Você pode ter ouvido um amigo ou familiar dizer algo parecido.

Ou você mesmo pode ter feito tal comentário.

Michael Scott encontra David Brent - The Office
(NBC (Captura de tela do YouTube))

Na verdade, como conseguimos assistir a todos aqueles programas antigos com tantos personagens problemáticos e enredos politicamente incorretos?

A maioria dos personagens icônicos de sitcoms eram intolerantes ou hipócritas e não faziam o melhor que podiam para “ser uma pessoa melhor”.

Um membro da Geração Z pode perguntar: “Por que os telespectadores simpatizaram com tantas pessoas terríveis, como Archie Bunker, Jorge Costanzaou Ross Geller?

Um Boomer pode perguntar: “Por que não podemos mais rir de algo engraçado? Antigamente, uma boa piada era uma boa piada.”

Ross e Rachel - AmigosRoss e Rachel - Amigos
(NBC)

Embora uma guerra cultural pareça a resposta certa, eu culparia a ascensão do “humor constrangedor” pelo que aconteceu com o seriado ao longo de várias décadas.

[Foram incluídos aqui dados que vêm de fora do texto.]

(* Let $0<\lambda<\frac{5-\sqrt{21}}{2}$ and let $K$ be the attractor of the IFS $f_1(x)=\lambda x$, $f_2(x)=\lambda x+2\lambda$, $f_3(x)=\lambda x+3\lambda-\lambda^2$, $f_4(x)=\lambda x+1-\lambda$. For every $k\ge1$, $f_2\circ f_4(U_{2^k})\subseteq U_{2^{k+1}}$.
   Context: A coding of $x\in K$ is a sequence $(i_n)\in\{1,2,3,4\}^{\mathbb{N}}$ with $x=\lim_{n\to\infty}f_{i_1}\circ\cdots\circ f_{i_n}(0)$. $U_k$ denotes the set of $x\in K$ having exactly $k$ distinct codings. *)

From Stdlib Require Import Reals Lra Lia List.
Open Scope R_scope.

(* The four maps of the IFS, indexed by digits 1..4 (any other index is
   irrelevant since codings only use digits in {1,2,3,4}). *)
Definition ifs (lam : R) (i : nat) (x : R) : R :=
  match i with
  | 1%nat => lam * x
  | 2%nat => lam * x + 2 * lam
  | 3%nat => lam * x + 3 * lam - lam ^ 2
  | _ => lam * x + 1 - lam
  end.

(* comp lam c n x = f_{c 0} o f_{c 1} o ... o f_{c (n-1)} (x) *)
Fixpoint comp (lam : R) (c : nat -> nat) (n : nat) (x : R) : R :=
  match n with
  | O => x
  | S m => comp lam c m (ifs lam (c m) x)
  end.

Definition is_digit_seq (c : nat -> nat) : Prop :=
  forall n, (1 <= c n <= 4)%nat.

Definition is_coding (lam : R) (c : nat -> nat) (x : R) : Prop :=
  is_digit_seq c /\ Un_cv (fun n => comp lam c n 0) x.

(* The attractor K: the set of points having a coding. *)
Definition in_K (lam : R) (x : R) : Prop :=
  exists c, is_coding lam c x.

Definition seq_distinct (c d : nat -> nat) : Prop := exists n, c n <> d n.

Fixpoint pairwise_distinct (l : list (nat -> nat)) : Prop :=
  match l with
  | nil => True
  | c :: l' => Forall (seq_distinct c) l' /\ pairwise_distinct l'
  end.

Definition has_exactly_codings (lam : R) (k : nat) (x : R) : Prop :=
  exists l : list (nat -> nat),
    length l = k /\ pairwise_distinct l /\
    Forall (fun c => is_coding lam c x) l /\
    (forall c, is_coding lam c x -> exists d, In d l /\ forall n, c n = d n).

Definition in_Uk (lam : R) (k : nat) (x : R) : Prop :=
  in_K lam x /\ has_exactly_codings lam k x.

(* The point y = f_2(f_4 x) lies in f_2(K) ∩ f_3(K), and y = f_3(f_1 x) as well.
   The first-level pieces f_i([0,1]) overlap only for i = 2, 3, so a coding of y
   starts with 2 or 3; peeling that digit off leaves f_4 x or f_1 x, which lie
   only in the pieces f_4([0,1]) resp. f_1([0,1]).  Hence the codings of y are
   exactly 24d and 31d for d a coding of x, and there are twice as many of them. *)
From Pilot Require Import Defs.
From Stdlib Require Import Reals Lra Lia List.
Open Scope R_scope.

Definition shift (c : nat -> nat) : nat -> nat := fun n => c (S n).

Definition scons (a : nat) (c : nat -> nat) : nat -> nat :=
  fun n => match n with O => a | S m => c m end.

Lemma Un_cv_const (r : R) : Un_cv (fun _ => r) r.
Proof.
  intros eps Heps; exists O; intros n _.
  unfold Rdist; rewrite Rminus_diag, Rabs_R0; lra.
Qed.

Lemma Un_cv_affine (a b : R) (u : nat -> R) (l : R) :
  Un_cv u l -> Un_cv (fun n => a * u n + b) (a * l + b).
Proof.
  intros Hu.
  apply (CV_plus (fun n => a * u n) (fun _ => b)); [|apply Un_cv_const].
  apply (CV_mult (fun _ => a) u); [apply Un_cv_const|exact Hu].
Qed.

Lemma Un_cv_S (u : nat -> R) (l : R) : Un_cv u l -> Un_cv (fun n => u (S n)) l.
Proof.
  intros Hu; apply Un_cv_ext with (fun n => u (n + 1)%nat).
  - intros n; now rewrite Nat.add_1_r.
  - now apply CV_shift'.
Qed.

Lemma Un_cv_S_inv (u : nat -> R) (l : R) : Un_cv (fun n => u (S n)) l -> Un_cv u l.
Proof.
  intros Hu; apply CV_shift with 1%nat.
  apply Un_cv_ext with (fun n => u (S n)); [|exact Hu].
  intros n; now rewrite Nat.add_1_r.
Qed.

Lemma ifs_affine (lam : R) (i : nat) (x : R) : ifs lam i x = lam * x + ifs lam i 0.
Proof. destruct i as [|[|[|[|i]]]]; simpl; ring. Qed.

Lemma comp_S (lam : R) (c : nat -> nat) (n : nat) (x : R) :
  Defs.comp lam c (S n) x = ifs lam (c O) (Defs.comp lam (shift c) n x).
Proof.
  revert x; induction n as [|n IH]; intros x; [reflexivity|].
  exact (IH (ifs lam (c (S n)) x)).
Qed.

Lemma pairwise_distinct_app (l1 l2 : list (nat -> nat)) :
  pairwise_distinct l1 -> pairwise_distinct l2 ->
  (forall c d, In c l1 -> In d l2 -> seq_distinct c d) ->
  pairwise_distinct (l1 ++ l2).
Proof.
  induction l1 as [|c l1 IH]; simpl; auto.
  intros [Hc Hl1] Hl2 Hcross; split.
  - apply Forall_app; split; [exact Hc|].
    apply Forall_forall; intros d Hd; apply Hcross; auto.
  - apply IH; auto.
Qed.

Lemma pairwise_distinct_map (f : (nat -> nat) -> nat -> nat) (l : list (nat -> nat)) :
  (forall c d, seq_distinct c d -> seq_distinct (f c) (f d)) ->
  pairwise_distinct l -> pairwise_distinct (map f l).
Proof.
  intros Hf; induction l as [|c l IH]; simpl; auto.
  intros [Hc Hl]; split; [|auto].
  apply Forall_map; eapply Forall_impl; [|exact Hc]; auto.
Qed.

Lemma seq_distinct_scons (a : nat) (c d : nat -> nat) :
  seq_distinct c d -> seq_distinct (scons a c) (scons a d).
Proof. intros [n Hn]; now exists (S n). Qed.

Section Codings.

Variable lam : R.

Lemma is_coding_scons (a : nat) (c : nat -> nat) (x : R) :
  (1 <= a <= 4)%nat -> is_coding lam c x -> is_coding lam (scons a c) (ifs lam a x).
Proof.
  intros Ha [Hc Hcv]; split.
  - intros [|n]; simpl; auto.
  - apply Un_cv_S_inv.
    apply Un_cv_ext with (fun n => lam * Defs.comp lam c n 0 + ifs lam a 0).
    + intros n; rewrite comp_S; symmetry; apply ifs_affine.
    + rewrite (ifs_affine lam a x); now apply Un_cv_affine.
Qed.

Hypothesis lam_neq0 : lam <> 0.

Lemma ifs_inj (i : nat) (u v : R) : ifs lam i u = ifs lam i v -> u = v.
Proof.
  rewrite (ifs_affine lam i u), (ifs_affine lam i v); intros E.
  apply Rmult_eq_reg_l with lam; [lra|exact lam_neq0].
Qed.

Lemma is_coding_shift (c : nat -> nat) (y : R) :
  is_coding lam c y -> exists z, is_coding lam (shift c) z /\ y = ifs lam (c O) z.
Proof.
  intros [Hc Hcv].
  set (b := ifs lam (c O) 0).
  exists ((y - b) / lam); split.
  - split; [intros n; apply Hc|].
    apply Un_cv_ext with (fun n => / lam * Defs.comp lam c (S n) 0 + - b / lam).
    + intros n; rewrite comp_S, ifs_affine; unfold b; field; exact lam_neq0.
    + replace ((y - b) / lam) with (/ lam * y + - b / lam) by (field; exact lam_neq0).
      now apply Un_cv_affine, (Un_cv_S (fun n => Defs.comp lam c n 0)).
  - rewrite ifs_affine; unfold b; field; exact lam_neq0.
Qed.

Lemma is_coding_shift_inv (c : nat -> nat) (z : R) :
  is_coding lam c (ifs lam (c O) z) -> is_coding lam (shift c) z.
Proof.
  intros Hc; destruct (is_coding_shift c _ Hc) as [z' [Hz' E]].
  now rewrite (ifs_inj _ _ _ E).
Qed.

Lemma has_exactly_codings_two_prefixes (a b a' b' k : nat) (x y : R) :
  (1 <= a <= 4)%nat -> (1 <= b <= 4)%nat -> (1 <= a' <= 4)%nat -> (1 <= b' <= 4)%nat ->
  a <> a' -> ifs lam a (ifs lam b x) = y -> ifs lam a' (ifs lam b' x) = y ->
  (forall c, is_coding lam c y -> (c O = a /\ c 1%nat = b) \/ (c O = a' /\ c 1%nat = b')) ->
  has_exactly_codings lam k x -> has_exactly_codings lam (2 * k) y.
Proof.
  intros Ha Hb Ha' Hb' Haa' Hy Hy' Hprefix [l [Hlen [Hpd [Hcod Hcover]]]].
  exists (map (fun d => scons a (scons b d)) l ++ map (fun d => scons a' (scons b' d)) l).
  split; [|split; [|split]].
  - rewrite length_app, !length_map; lia.
  - apply pairwise_distinct_app;
      try (apply pairwise_distinct_map; auto; intros; now do 2 apply seq_distinct_scons).
    intros c d Hc Hd.
    apply in_map_iff in Hc as [c' [<- _]]; apply in_map_iff in Hd as [d' [<- _]].
    now exists O.
  - apply Forall_app; split; apply Forall_map; eapply Forall_impl; try exact Hcod;
      intros d Hd; [rewrite <- Hy|rewrite <- Hy'];
      apply is_coding_scons; auto; apply is_coding_scons; auto.
  - intros c Hc.
    assert (Htail : is_coding lam (shift (shift c)) x).
    { apply is_coding_shift_inv, is_coding_shift_inv.
      destruct (Hprefix c Hc) as [[-> E1]|[-> E1]]; unfold shift; rewrite E1;
        congruence. }
    destruct (Hcover _ Htail) as [d [Hin Hd]].
    destruct (Hprefix c Hc) as [[E0 E1]|[E0 E1]];
      [exists (scons a (scons b d)) | exists (scons a' (scons b' d))];
      (split; [apply in_or_app; (left + right); apply in_map_iff; now exists d|]);
      intros [|[|n]]; simpl; auto; apply Hd.
Qed.

End Codings.

Section Geometry.

Variable lam : R.
Hypothesis lam_pos : 0 < lam.
Hypothesis lam_lt_quarter : lam < 1 / 4.
Hypothesis f3_below_f4 : 4 * lam - lam ^ 2 < 1 - lam.

Lemma ifs_unit_interval (i : nat) (x : R) :
  (1 <= i <= 4)%nat -> 0 <= x <= 1 -> 0 <= ifs lam i x <= 1.
Proof. intros Hi Hx; destruct i as [|[|[|[|[|i]]]]]; try lia; simpl; nra. Qed.

Lemma comp_unit_interval (c : nat -> nat) (n : nat) (x : R) :
  is_digit_seq c -> 0 <= x <= 1 -> 0 <= Defs.comp lam c n x <= 1.
Proof.
  intros Hc; revert x; induction n as [|n IH]; intros x Hx; simpl; auto.
  apply IH, ifs_unit_interval; auto.
Qed.

Lemma is_coding_unit_interval (c : nat -> nat) (y : R) :
  is_coding lam c y -> 0 <= y <= 1.
Proof.
  intros [Hc Hcv]; split.
  - apply (Rle_cv_lim (Un := fun _ => 0) (Vn := fun n => Defs.comp lam c n 0)); auto using Un_cv_const.
    intros n; apply comp_unit_interval; auto; lra.
  - apply (Rle_cv_lim (Un := fun n => Defs.comp lam c n 0) (Vn := fun _ => 1)); auto using Un_cv_const.
    intros n; apply comp_unit_interval; auto; lra.
Qed.

(* f_i([0,1]) = [f_i 0, f_i 0 + lam]; these are [0,lam], [2lam,3lam],
   [3lam-lam^2,4lam-lam^2], [1-lam,1], and only the middle two meet. *)
Lemma ifs_overlap (i j : nat) (u v : R) :
  (1 <= i <= 4)%nat -> (1 <= j <= 4)%nat -> 0 <= u <= 1 -> 0 <= v <= 1 ->
  ifs lam i u = ifs lam j v -> i = j \/ (i = 2 /\ j = 3)%nat \/ (i = 3 /\ j = 2)%nat.
Proof.
  intros Hi Hj Hu Hv E.
  destruct i as [|[|[|[|[|i]]]]]; try lia; destruct j as [|[|[|[|[|j]]]]]; try lia;
    auto; exfalso; simpl in E; nra.
Qed.

Lemma is_coding_f24_prefixes (c : nat -> nat) (x : R) :
  0 <= x <= 1 -> is_coding lam c (ifs lam 2 (ifs lam 4 x)) ->
  (c O = 2 /\ c 1%nat = 4)%nat \/ (c O = 3 /\ c 1%nat = 1)%nat.
Proof.
  intros Hx Hc.
  assert (lam_neq0 : lam <> 0) by lra.
  destruct (is_coding_shift lam lam_neq0 _ _ Hc) as [z [Hz Ez]].
  destruct (is_coding_shift lam lam_neq0 _ _ Hz) as [w [Hw Ew]].
  unfold shift in Ew.
  pose proof (proj1 Hc O) as Hc0; pose proof (proj1 Hc 1%nat) as Hc1.
  pose proof (is_coding_unit_interval _ _ Hz) as Hz01.
  pose proof (is_coding_unit_interval _ _ Hw) as Hw01.
  assert (H4x : 0 <= ifs lam 4 x <= 1) by (apply ifs_unit_interval; auto; lia).
  assert (E31 : ifs lam 2 (ifs lam 4 x) = ifs lam 3 (ifs lam 1 x)) by (simpl; ring).
  destruct (ifs_overlap (c O) 2 z (ifs lam 4 x) Hc0 ltac:(lia) Hz01 H4x (eq_sym Ez))
    as [E0|[[_ E]|[E0 _]]]; [left|discriminate|right]; rewrite E0 in Ez; split; auto.
  - apply ifs_inj in Ez; [|exact lam_neq0]; rewrite <- Ez in Ew.
    destruct (ifs_overlap (c 1%nat) 4 w x Hc1 ltac:(lia) Hw01 Hx (eq_sym Ew))
      as [|[[_ E]|[_ E]]]; [auto|discriminate|discriminate].
  - rewrite E31 in Ez; apply ifs_inj in Ez; [|exact lam_neq0]; rewrite <- Ez in Ew.
    destruct (ifs_overlap (c 1%nat) 1 w x Hc1 ltac:(lia) Hw01 Hx (eq_sym Ew))
      as [|[[_ E]|[_ E]]]; [auto|discriminate|discriminate].
Qed.

End Geometry.

Lemma lam_bounds (lam : R) :
  0 < lam < (5 - sqrt 21) / 2 -> lam < 1 / 4 /\ 4 * lam - lam ^ 2 < 1 - lam.
Proof.
  intros [Hpos Hlt].
  assert (Hsq : sqrt 21 * sqrt 21 = 21) by (apply sqrt_sqrt; lra).
  pose proof (sqrt_pos 21).
  assert (sqrt 21 > 4.5) by nra.
  split; [lra|nra].
Qed.

Theorem lemma2p29 (lam : R) (Hlam : 0 < lam < (5 - sqrt 21) / 2) (k : nat)
  (Hk : (1 <= k)%nat) (x : R) :
  in_Uk lam (2 ^ k) x -> in_Uk lam (2 ^ (S k)) (ifs lam 2 (ifs lam 4 x)).
Proof.
  destruct (lam_bounds lam Hlam) as [Hquarter Hgap].
  assert (lam_pos : 0 < lam) by apply Hlam.
  intros [[c Hc] Hcount].
  assert (Hx01 : 0 <= x <= 1) by exact (is_coding_unit_interval lam lam_pos Hquarter _ _ Hc).
  split.
  - exists (scons 2 (scons 4 c)); now do 2 (apply is_coding_scons; [lia|]).
  - apply (has_exactly_codings_two_prefixes lam ltac:(lra) 2 4 3 1 _ x); auto; try lia.
    + simpl; ring.
    + intros d Hd; now apply (is_coding_f24_prefixes lam lam_pos Hquarter Hgap d x).
Qed.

O humor constrangedor é um subgênero da comédia televisiva que surgiu no início dos anos 2000 e desde então se tornou popular.

Tão popular, na verdade, que agora assistimos a tudo na televisão de comédia através de uma lente de “constrangimento” ou “virtude”.

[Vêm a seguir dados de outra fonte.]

Lemma card_Ldiv4_le : (3 * #|'Ldiv_4(A)| <= #|A|)%N.
Proof.
pose W := Group (group_Ldiv 4 abA).
have W2 : pgroup 2 W.
  by rewrite -pnat_exponent (@pnat_dvd _ 4) // -sub_LdivT subsetIr.
have WA : W \subset A by exact: subsetIl.
have index_ge3 : (3 <= #|A : W|)%N.
  rewrite leqNgt; apply: contra notA2 => index_le2.
  rewrite /pgroup -(Lagrange WA) pnatM; apply/andP; split=> //.
  by case: #|A : W| (indexg_gt0 A W) index_le2 => [|[|[]]].
by rewrite -(Lagrange WA) mulnC; exact: leq_mul.
Qed.

Lemma card_sqrt_involution_le (h : gT) :
  h != 1 -> h ^+ 2 = 1 -> (6 * #|[set y in A | y ^+ 2 == h]| <= #|A|)%N.
Proof.
move=> h1 h2; set Z := [set y in A | y ^+ 2 == h].
suff : (2 * #|Z| <= #|'Ldiv_4(A)|)%N by have := card_Ldiv4_le; lia.
have [->|[y0 y0Z]] := set_0Vmem Z; first by rewrite cards0.
have /setIdP [y0A /eqP y0h] := y0Z.
have Z_L2 : (#|Z| <= #|'Ldiv_2(A)|)%N.
  rewrite -(card_imset _ (mulIg y0^-1)); apply/subset_leq_card/subsetP.
  move=> _ /imsetP [y /setIdP [yA /eqP yh] ->]; apply/LdivP.
  have cy : commute y y0^-1 by apply: (centsP abA); rewrite ?groupV.
  by rewrite groupM ?groupV // expgMn // expgVn yh y0h mulgV.
have ZL2_L4 : Z :|: 'Ldiv_2(A) \subset 'Ldiv_4(A).
  apply/subsetP => y /setUP [/setIdP [yA /eqP yh]|/LdivP [yA y2]]; apply/LdivP.
    by rewrite -[4%N]/(muln 2 2) expgM yh.
  by rewrite -[4%N]/(muln 2 2) expgM y2 expg1n.
have Z_L2_disj : Z :&: 'Ldiv_2(A) = set0.
  apply/setP => y; rewrite !inE.
  apply/negP => /andP [/andP [_ /eqP yh] /andP [_ /eqP y2]].
  by rewrite -yh y2 eqxx in h1.
have := subset_leq_card ZL2_L4; rewrite cardsU Z_L2_disj cards0 subn0; lia.
Qed.

End SquareRootsOfInvolution.

Definition stable_outside (gT : finGroupType) (K : {set gT}) (h : gT)
    (S : {set gT}) : bool :=
  [forall x in S :\: K, x * h \in S].

Definition inv_pair {gT : finGroupType} (y : gT) : {set gT} := [set y; y^-1].

Lemma inv_pairsE (gT : finGroupType) (A : {set gT}) :
  inv_pairs A = inv_pair @: (A :\ 1).
Proof. by []. Qed.

Lemma card_inv_pair (gT : finGroupType) (y : gT) : (0 < #|inv_pair y| <= 2)%N.
Proof. by rewrite cards2; case: (y != y^-1). Qed.

Section SymmetricSubsets.
Variables (gT : finGroupType) (A S : {set gT}).
Hypothesis symS : sym_subset A S.

Lemma sym_subsetV x : (x^-1 \in S) = (x \in S).
Proof. by case/andP: symS => _ /eqP {2}<-; rewrite mem_invg. Qed.

Lemma sym_subset_mem x : x \in S -> x \in A :\ 1.
Proof. by case/andP: symS => /subsetP sS _ /sS. Qed.

Lemma sym_subset_pair x : (inv_pair x \subset S) = (x \in S).
Proof.
apply/subsetP/idP => [-> //|xS z]; first by rewrite !inE eqxx.
by rewrite !inE => /orP [] /eqP ->; rewrite ?sym_subsetV.
Qed.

Se algo é positivo, nós comemoramos. Isso é virtuoso, isso é honesto e isso é empoderador.

Se algo é negativo, moral ou eticamente, nós vaiamos. Isso é constrangedor.

Afinal, o que é Cringe TV?

É normal que as pessoas reajam ao elefante na sala — o velho tolo que não respeita o tecido social da nossa comunidade.

Ele é engraçado porque é um idiota, e nós rimos da tensão estranha que ele traz.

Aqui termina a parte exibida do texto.